- Data shown -
'''

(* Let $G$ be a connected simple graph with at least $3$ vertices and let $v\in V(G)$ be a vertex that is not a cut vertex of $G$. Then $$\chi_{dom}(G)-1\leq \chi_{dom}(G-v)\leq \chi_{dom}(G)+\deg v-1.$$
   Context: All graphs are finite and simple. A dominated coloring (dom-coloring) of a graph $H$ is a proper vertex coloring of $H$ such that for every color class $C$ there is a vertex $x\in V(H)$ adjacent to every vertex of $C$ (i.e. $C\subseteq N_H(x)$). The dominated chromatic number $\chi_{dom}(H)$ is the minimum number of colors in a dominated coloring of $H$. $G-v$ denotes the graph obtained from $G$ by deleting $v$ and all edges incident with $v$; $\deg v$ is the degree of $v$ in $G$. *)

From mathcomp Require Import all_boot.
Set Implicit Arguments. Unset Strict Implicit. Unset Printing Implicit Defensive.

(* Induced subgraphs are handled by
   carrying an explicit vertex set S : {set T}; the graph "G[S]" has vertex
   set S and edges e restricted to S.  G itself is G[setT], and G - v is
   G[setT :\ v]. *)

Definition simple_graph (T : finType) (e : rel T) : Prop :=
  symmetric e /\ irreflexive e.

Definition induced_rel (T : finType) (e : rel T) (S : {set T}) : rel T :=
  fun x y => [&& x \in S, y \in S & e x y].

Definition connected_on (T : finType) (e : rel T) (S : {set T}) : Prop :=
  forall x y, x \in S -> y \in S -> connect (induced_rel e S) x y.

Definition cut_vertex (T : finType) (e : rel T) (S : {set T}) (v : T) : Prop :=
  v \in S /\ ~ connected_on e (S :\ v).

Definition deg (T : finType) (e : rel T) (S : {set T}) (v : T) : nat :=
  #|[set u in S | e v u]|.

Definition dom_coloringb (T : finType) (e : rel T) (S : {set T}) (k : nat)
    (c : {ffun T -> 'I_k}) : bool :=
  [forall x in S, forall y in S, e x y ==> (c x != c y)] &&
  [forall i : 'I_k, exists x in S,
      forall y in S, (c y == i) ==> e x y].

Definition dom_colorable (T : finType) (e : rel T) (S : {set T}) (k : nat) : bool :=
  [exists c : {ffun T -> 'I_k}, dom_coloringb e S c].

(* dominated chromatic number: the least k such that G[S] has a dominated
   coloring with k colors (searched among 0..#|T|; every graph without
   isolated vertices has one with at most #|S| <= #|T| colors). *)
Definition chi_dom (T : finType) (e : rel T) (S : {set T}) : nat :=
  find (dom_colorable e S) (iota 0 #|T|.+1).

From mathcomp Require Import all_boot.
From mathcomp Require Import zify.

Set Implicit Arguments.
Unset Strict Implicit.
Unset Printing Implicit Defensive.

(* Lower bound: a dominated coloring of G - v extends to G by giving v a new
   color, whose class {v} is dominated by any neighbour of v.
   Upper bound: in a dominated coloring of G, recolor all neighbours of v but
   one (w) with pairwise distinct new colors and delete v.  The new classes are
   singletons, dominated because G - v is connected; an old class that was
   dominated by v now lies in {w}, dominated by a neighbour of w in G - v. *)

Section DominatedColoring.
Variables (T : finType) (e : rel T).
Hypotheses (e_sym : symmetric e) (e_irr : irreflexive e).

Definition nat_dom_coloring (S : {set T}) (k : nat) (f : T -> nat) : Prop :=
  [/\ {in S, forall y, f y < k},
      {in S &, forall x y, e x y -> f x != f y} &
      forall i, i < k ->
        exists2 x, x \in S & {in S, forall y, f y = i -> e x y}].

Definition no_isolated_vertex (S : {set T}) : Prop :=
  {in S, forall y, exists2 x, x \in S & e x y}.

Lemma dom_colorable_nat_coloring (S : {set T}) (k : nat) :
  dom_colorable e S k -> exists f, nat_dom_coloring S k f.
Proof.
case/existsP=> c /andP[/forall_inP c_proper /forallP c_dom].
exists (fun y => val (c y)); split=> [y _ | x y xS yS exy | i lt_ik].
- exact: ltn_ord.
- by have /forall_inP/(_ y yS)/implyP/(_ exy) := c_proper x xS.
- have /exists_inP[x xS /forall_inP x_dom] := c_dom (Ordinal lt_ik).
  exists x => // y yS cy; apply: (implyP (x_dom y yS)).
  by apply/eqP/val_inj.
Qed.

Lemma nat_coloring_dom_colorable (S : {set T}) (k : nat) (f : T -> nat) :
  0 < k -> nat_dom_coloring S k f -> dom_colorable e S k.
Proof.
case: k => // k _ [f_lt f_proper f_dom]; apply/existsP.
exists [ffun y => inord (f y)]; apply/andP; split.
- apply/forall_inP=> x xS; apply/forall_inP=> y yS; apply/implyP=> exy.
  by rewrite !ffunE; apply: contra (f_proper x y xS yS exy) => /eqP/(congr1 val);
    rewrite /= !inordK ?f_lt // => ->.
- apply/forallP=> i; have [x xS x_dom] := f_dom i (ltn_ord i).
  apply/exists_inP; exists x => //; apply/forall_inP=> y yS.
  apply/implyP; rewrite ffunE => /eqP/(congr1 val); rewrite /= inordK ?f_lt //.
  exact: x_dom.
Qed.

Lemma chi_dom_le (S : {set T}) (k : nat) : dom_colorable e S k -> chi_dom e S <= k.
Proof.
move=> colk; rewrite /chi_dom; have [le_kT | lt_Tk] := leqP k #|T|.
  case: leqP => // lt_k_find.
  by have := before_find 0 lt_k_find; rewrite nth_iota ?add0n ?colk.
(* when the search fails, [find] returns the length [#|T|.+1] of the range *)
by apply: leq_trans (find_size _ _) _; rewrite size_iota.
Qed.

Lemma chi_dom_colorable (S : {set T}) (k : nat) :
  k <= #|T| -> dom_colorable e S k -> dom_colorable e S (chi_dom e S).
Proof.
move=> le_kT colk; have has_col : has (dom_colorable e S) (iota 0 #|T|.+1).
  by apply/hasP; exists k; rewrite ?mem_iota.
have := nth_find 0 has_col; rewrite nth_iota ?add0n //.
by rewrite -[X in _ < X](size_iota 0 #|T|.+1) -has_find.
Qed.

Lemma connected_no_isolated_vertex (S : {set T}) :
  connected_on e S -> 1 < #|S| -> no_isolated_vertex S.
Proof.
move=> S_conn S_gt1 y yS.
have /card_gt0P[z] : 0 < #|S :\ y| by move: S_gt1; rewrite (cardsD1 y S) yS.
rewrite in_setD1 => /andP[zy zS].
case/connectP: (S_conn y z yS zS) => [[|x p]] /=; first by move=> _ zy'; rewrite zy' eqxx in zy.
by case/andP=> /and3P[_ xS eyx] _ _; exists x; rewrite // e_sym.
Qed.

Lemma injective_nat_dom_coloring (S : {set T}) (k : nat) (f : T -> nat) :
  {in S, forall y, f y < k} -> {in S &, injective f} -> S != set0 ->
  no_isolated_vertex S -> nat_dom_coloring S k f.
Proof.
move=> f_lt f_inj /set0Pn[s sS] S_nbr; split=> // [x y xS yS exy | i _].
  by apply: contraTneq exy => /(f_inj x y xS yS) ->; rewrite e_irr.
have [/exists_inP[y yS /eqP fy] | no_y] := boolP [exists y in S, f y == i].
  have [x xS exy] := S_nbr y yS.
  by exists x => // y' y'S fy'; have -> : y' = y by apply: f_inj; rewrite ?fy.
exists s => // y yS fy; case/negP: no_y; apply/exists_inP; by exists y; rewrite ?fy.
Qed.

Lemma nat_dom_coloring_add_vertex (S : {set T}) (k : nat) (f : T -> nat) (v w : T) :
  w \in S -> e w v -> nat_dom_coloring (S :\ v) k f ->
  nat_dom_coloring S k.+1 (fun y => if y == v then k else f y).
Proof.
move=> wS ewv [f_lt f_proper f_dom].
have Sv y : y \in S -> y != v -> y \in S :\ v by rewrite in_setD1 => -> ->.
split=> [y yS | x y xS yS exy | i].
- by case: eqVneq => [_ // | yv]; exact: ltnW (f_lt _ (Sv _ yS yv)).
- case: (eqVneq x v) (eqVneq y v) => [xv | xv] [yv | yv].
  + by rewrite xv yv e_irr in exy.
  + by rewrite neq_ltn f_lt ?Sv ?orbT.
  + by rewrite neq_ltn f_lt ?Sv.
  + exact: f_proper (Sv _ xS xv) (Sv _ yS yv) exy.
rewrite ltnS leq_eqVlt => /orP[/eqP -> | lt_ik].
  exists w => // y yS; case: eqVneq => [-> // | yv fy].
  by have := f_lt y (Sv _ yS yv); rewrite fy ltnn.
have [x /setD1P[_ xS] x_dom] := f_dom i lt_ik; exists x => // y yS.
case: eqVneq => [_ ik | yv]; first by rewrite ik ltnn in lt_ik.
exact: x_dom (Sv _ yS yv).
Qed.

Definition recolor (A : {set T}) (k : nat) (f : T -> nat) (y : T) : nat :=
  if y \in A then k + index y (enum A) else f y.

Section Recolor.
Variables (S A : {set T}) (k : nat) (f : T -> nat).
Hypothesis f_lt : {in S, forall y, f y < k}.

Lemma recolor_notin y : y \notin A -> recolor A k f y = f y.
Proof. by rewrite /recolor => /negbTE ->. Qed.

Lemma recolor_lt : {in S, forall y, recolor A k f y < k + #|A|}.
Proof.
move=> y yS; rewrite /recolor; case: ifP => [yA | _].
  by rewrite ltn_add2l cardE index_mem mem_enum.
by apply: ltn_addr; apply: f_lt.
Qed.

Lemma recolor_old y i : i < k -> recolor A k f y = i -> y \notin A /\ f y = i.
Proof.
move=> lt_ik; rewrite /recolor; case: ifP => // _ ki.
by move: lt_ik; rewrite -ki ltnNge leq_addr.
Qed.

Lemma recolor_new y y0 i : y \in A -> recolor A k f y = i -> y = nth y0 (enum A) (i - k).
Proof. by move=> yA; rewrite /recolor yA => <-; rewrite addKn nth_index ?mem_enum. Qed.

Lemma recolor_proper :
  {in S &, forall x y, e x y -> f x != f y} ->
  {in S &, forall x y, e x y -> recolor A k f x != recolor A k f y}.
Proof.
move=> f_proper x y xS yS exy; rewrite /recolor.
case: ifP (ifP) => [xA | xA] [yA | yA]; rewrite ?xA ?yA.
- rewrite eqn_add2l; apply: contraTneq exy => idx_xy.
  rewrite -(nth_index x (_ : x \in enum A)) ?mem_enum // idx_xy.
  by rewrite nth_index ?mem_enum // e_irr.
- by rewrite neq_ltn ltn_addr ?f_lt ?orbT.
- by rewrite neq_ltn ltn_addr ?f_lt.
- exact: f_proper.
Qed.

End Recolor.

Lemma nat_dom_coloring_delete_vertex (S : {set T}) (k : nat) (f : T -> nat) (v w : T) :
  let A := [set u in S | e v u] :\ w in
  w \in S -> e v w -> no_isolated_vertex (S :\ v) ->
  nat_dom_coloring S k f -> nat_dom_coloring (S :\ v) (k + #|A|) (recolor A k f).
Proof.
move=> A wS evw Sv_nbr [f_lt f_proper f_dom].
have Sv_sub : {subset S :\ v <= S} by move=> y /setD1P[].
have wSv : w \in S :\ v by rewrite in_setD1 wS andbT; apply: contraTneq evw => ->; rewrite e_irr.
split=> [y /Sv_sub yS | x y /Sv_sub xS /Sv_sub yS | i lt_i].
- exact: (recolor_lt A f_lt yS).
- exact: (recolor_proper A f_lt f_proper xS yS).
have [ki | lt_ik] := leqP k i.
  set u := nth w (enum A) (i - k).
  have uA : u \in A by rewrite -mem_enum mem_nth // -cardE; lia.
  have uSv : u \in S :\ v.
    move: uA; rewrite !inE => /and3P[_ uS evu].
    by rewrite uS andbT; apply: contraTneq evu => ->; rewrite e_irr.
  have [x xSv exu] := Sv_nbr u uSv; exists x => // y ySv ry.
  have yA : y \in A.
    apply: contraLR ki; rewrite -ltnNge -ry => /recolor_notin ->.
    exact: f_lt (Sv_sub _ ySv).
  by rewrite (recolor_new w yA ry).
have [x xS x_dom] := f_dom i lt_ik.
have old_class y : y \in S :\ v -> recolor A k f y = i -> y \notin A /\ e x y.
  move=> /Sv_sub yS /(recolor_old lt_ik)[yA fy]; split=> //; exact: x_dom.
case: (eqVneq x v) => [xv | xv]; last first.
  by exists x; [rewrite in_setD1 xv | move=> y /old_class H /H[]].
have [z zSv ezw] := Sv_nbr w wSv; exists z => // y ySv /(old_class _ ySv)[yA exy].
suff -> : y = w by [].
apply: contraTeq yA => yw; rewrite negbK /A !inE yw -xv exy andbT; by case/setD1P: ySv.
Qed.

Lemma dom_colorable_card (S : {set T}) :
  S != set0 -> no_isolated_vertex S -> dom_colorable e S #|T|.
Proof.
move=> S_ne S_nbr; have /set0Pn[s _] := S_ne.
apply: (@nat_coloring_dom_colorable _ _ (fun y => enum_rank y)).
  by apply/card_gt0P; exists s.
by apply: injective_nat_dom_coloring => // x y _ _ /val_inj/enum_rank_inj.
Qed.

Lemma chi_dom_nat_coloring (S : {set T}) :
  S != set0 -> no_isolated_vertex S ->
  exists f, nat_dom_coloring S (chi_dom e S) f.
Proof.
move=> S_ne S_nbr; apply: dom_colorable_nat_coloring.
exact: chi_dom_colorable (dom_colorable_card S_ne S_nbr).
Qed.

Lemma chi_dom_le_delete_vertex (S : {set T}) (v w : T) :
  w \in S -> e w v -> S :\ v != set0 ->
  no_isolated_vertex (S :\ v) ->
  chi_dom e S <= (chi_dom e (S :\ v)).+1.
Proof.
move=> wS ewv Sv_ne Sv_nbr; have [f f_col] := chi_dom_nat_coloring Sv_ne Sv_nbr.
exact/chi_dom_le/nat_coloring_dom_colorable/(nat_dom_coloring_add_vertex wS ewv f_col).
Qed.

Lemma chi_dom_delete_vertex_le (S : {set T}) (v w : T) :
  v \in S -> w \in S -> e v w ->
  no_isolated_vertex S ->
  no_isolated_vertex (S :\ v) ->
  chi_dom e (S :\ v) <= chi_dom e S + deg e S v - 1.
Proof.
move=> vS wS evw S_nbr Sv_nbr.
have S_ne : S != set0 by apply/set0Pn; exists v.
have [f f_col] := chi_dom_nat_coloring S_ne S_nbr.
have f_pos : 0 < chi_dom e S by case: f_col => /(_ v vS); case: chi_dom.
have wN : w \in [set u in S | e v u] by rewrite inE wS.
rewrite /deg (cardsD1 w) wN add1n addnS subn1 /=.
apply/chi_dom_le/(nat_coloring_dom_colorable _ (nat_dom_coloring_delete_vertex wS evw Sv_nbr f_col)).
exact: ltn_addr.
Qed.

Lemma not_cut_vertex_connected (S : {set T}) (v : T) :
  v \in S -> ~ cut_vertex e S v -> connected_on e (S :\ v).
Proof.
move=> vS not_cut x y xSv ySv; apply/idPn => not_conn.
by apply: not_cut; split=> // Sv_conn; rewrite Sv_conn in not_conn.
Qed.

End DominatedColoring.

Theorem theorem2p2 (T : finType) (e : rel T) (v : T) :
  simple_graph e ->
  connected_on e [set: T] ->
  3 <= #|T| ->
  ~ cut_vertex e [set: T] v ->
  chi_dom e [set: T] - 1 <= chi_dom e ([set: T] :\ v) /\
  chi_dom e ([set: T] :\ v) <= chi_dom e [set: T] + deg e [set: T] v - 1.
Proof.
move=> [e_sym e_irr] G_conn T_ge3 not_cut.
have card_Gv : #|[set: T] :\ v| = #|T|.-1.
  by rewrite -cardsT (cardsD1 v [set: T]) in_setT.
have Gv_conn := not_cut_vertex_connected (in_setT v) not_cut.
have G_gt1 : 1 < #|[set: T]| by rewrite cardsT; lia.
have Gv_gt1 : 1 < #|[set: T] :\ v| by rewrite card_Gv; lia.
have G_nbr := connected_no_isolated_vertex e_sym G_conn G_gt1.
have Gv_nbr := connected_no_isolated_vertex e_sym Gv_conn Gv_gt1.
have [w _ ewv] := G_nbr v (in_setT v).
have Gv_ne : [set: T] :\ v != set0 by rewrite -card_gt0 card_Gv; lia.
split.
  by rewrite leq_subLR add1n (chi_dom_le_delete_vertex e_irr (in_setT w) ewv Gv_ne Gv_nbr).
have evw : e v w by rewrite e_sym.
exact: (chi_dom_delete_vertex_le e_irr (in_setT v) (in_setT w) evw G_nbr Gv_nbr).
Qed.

'''

The reply should hold only the lines of the listing above starting at the line containing "- by case: eqVneq" and ending at the line containing "by rewrite ltn_add2l", exactly as written.

- Written solution -
- by case: eqVneq => [_ // | yv]; exact: ltnW (f_lt _ (Sv _ yS yv)).
- case: (eqVneq x v) (eqVneq y v) => [xv | xv] [yv | yv].
  + by rewrite xv yv e_irr in exy.
  + by rewrite neq_ltn f_lt ?Sv ?orbT.
  + by rewrite neq_ltn f_lt ?Sv.
  + exact: f_proper (Sv _ xS xv) (Sv _ yS yv) exy.
rewrite ltnS leq_eqVlt => /orP[/eqP -> | lt_ik].
  exists w => // y yS; case: eqVneq => [-> // | yv fy].
  by have := f_lt y (Sv _ yS yv); rewrite fy ltnn.
have [x /setD1P[_ xS] x_dom] := f_dom i lt_ik; exists x => // y yS.
case: eqVneq => [_ ik | yv]; first by rewrite ik ltnn in lt_ik.
exact: x_dom (Sv _ yS yv).
Qed.

Definition recolor (A : {set T}) (k : nat) (f : T -> nat) (y : T) : nat :=
  if y \in A then k + index y (enum A) else f y.

Section Recolor.
Variables (S A : {set T}) (k : nat) (f : T -> nat).
Hypothesis f_lt : {in S, forall y, f y < k}.

Lemma recolor_notin y : y \notin A -> recolor A k f y = f y.
Proof. by rewrite /recolor => /negbTE ->. Qed.

Lemma recolor_lt : {in S, forall y, recolor A k f y < k + #|A|}.
Proof.
move=> y yS; rewrite /recolor; case: ifP => [yA | _].
  by rewrite ltn_add2l cardE index_mem mem_enum.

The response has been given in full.